De acordo com o Informativo Preliminar Diário da Operação, publicado hoje (22) pelo Operador Nacional do Sistema Elétrico (ONS), o nível do reservatório de Paraibuna atingiu o chamado volume morto ontem (21), às 7 horas.

Estão chegando ao reservatório de Paraibuna nove metros cúbicos de água por segundo, mas ele está permitindo sair 32 metros cúbicos por segundo. Segundo a assessoria, isso está sendo feito com  vertimento, isto é, com descarga que não passa pelas turbinas, porque é preciso respeitar a vazão defluente mínima obrigatória do reservatório.

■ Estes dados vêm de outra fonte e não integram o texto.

Lemma exists_leaf : 1 < #|T| -> exists w x, leaf_at w x.
Proof.
move=> n_gt1; have /card_gt0P [x _] : 0 < #|T| by apply: ltnW.
have [y yx] : exists y, y \notin [set x] by apply: exists_notin; rewrite cards1.
have [_ [b [/set1P -> _ xb]]] := connect_cut (set11 x) yx; clear y yx.
(* Grow a path until its last vertex has no neighbour off it; k is the fuel. *)
suff grow k z p : path e z p -> uniq (z :: p) -> 0 < size p -> #|T| <= k + size p ->
    exists w x, leaf_at w x.
  by apply: (grow #|T| x [:: b]); rewrite /= ?xb ?inE ?adj_neq ?addn1.
elim: k z p => [|k IH] z p pth uq p_gt0 hk.
  have : #|z :: p| <= #|T| by exact: max_card.
  by rewrite (card_uniqP uq) => /leq_trans/(_ hk); rewrite ltnn.
case: (pickP [pred t | e (last z p) t && (t \notin z :: p)]) => [t /andP [zt t_out]|no_out].
  apply: (IH z (rcons p t)); rewrite ?rcons_path ?pth ?zt ?size_rcons //; last by lia.
  by rewrite -rcons_cons rcons_uniq t_out uq.
have [|w leaf] := path_end_leaf pth uq p_gt0; last by exists w, (last z p).
by move=> y zy; apply: contraFT (no_out y) => y_out; rewrite /= zy y_out.
Qed.

Definition leaves_at w := [set x | e w x && is_leaf e x].

Lemma leaf_at_in w x : leaf_at w x -> x \in leaves_at w.
Proof.
move=> leaf; rewrite inE esym leaf eqxx /is_leaf.
by rewrite (_ : [set y | e x y] = [set w]) ?cards1 //; apply/setP => y; rewrite !inE leaf.
Qed.

Lemma card_leaves_at w : #|leaves_at w| <= Dleaf e.
Proof. exact: (leq_bigmax (F := fun w => #|leaves_at w|)). Qed.

Lemma pendant_end_iso x p : path e x p -> uniq (x :: p) ->
  (forall w, w \notin x :: p -> e (last x p) w) ->
  (forall w w', w \notin x :: p -> w' \notin x :: p -> w = w') ->
  exists2 k, k <= (size p).+2 & isomorphic_to e (@path_rel k).
Proof.
move=> pth uq out_adj out_uniq.
case: (pickP [pred w | w \notin x :: p]) => [y /= y_out|no_out].
  exists (size (x :: rcons p y)); first by rewrite /= size_rcons.
  apply: hamiltonian_path_iso; first by rewrite rcons_path pth out_adj.
    by rewrite -rcons_cons rcons_uniq y_out uq.
  move=> w; rewrite -rcons_cons mem_rcons inE.
  apply/orP; have [|w_out] := boolP (w \in x :: p); first by right.
  by left; rewrite (out_uniq w y).
exists (size (x :: p)); first by [].
by apply: hamiltonian_path_iso => // w; apply: contraFT (no_out w).
Qed.

Lemma pendant_ends_iso x p : path e x p -> uniq (x :: p) ->
  (forall w, w \notin x :: p -> e x w || e (last x p) w) ->
  (forall w w', w \notin x :: p -> w' \notin x :: p -> e x w -> e x w' -> w = w') ->
  (forall w w', w \notin x :: p -> w' \notin x :: p ->
     e (last x p) w -> e (last x p) w' -> w = w') ->
  exists2 k, k <= (size p).+3 & isomorphic_to e (@path_rel k).
Proof.
move=> pth uq out_adj x_uniq z_uniq.
case: (pickP [pred w | (w \notin x :: p) && e x w]) => [x' /= /andP [x'_out xx']|no_x].
  have out_tail w : w \notin [:: x', x & p] -> w \notin x :: p.
    by rewrite inE negb_or => /andP [].
  have z_adj w : w \notin [:: x', x & p] -> e (last x p) w.
    move=> w_out; have := out_adj w (out_tail w w_out).
    case/orP => // /(x_uniq w x' (out_tail w w_out) x'_out)/(_ xx') wx'.
    by rewrite wx' mem_head in w_out.
  have [k k_le iso] : exists2 k, k <= (size (x :: p)).+2 & isomorphic_to e (@path_rel k).
    apply: (@pendant_end_iso x') => /=;
      [by rewrite esym xx' pth | by rewrite x'_out | exact: z_adj |].
    by move=> w w' w_out w'_out; apply: z_uniq; rewrite ?out_tail ?z_adj.
  by exists k.
have z_adj w : w \notin x :: p -> e (last x p) w.
  by move=> w_out; have := out_adj w w_out; have := no_x w; rewrite /= w_out /= => ->.
have [k k_le iso] := pendant_end_iso pth uq z_adj
  (fun w w' w_out w'_out => z_uniq w w' w_out w'_out (z_adj w w_out) (z_adj w' w'_out)).
by exists k => //; apply: leqW.
Qed.

Lemma card_cross_edges X Y : #|cross_edges e X Y| = \sum_(x in X) \sum_(y in Y) e x y.
Proof.
rewrite pair_big /= -sum1_card big_mkcond [RHS]big_mkcond /=.
by apply: eq_bigr => -[x y] _; rewrite inE /=; case: (x \in X); case: (y \in Y).
Qed.

Lemma odd_set2 u v a b : u != v -> a != b ->
  a \notin [set u; v] -> b \notin [set u; v] ->
  e u a (+) e v a != e u b (+) e v b -> odd_set e [set u; v].
Proof.
move=> uv ab a_out b_out xor_ne; apply/existsP; exists [set a; b].
have dis : [disjoint [set u; v] & [set a; b]].
  by rewrite disjoint_sym disjoint_subset; apply/subsetP => w /set2P [] ->; rewrite inE.
rewrite /odd_pair !cards2 uv ab dis /=.
rewrite card_cross_edges big_setU1 ?inE // big_set1 !big_setU1 ?inE // !big_set1 /=.
move: xor_ne; rewrite !oddD !oddb.
by case: (e u a); case: (e v a); case: (e u b); case: (e v b).
Qed.

Lemma not_odd_set2 u v a b : u != v -> ~~ odd_set e [set u; v] ->
  a \notin [set u; v] -> b \notin [set u; v] -> e u a (+) e v a = e u b (+) e v b.
Proof.
move=> uv not_odd a_out b_out; have [-> //|ab] := eqVneq a b.
by apply/eqP; apply: contraNT not_odd => xor_ne; apply: (odd_set2 uv ab).
Qed.

Definition twins u v := [forall w, (w \notin [set u; v]) ==> (e u w == e v w)].
Definition antitwins u v := [forall w, (w \notin [set u; v]) ==> (e v w == ~~ e u w)].

Lemma twinsP u v : reflect (forall w, w != u -> w != v -> e u w = e v w) (twins u v).
Proof.
apply: (iffP forallP) => tw w.
  by move=> wu wv; apply/eqP; move: (tw w); rewrite !inE negb_or wu wv.
by apply/implyP; rewrite !inE negb_or => /andP [wu wv]; rewrite tw.
Qed.

Lemma antitwinsP u v :
  reflect (forall w, w != u -> w != v -> e v w = ~~ e u w) (antitwins u v).
Proof.
apply: (iffP forallP) => tw w.
  by move=> wu wv; apply/eqP; move: (tw w); rewrite !inE negb_or wu wv.
by apply/implyP; rewrite !inE negb_or => /andP [wu wv]; rewrite tw.
Qed.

Na avaliação do ONS, esse é um sinal de que  os reservatórios estão se esvaziando. O reservatório de Santa Branca, pertencente à Light, por exemplo, apresenta nível de 0,65%, com entrada de 27 metros cúbicos de água por segundo e saída de 40 metros cúbicos por segundo; o de Funil¨(Furnas) tem nível de 4,15%, com 65 metros cúbicos por segundo de entrada e 137 metros cúbicos por segundo de saída; já  no reservatório de Jaguari (Cesp), o nível alcança 2%, com cinco metros cúbicos de água por segundo entrando e 11 metros  cúbicos por segundo saindo.

O ONS salientou, entretanto,  que para a geração de energia do  Sistema Interligado Nacional (SIN), a bacia  do Rio Paraíba do Sul representa menos de 1% da energia produzida. “Não é relevante em termos de energia. O fato de ela parar não é motivo de atenção maior, porque só contribui com 1% da geração hidráulica do sistema”,  esclareceu a assessoria do órgão.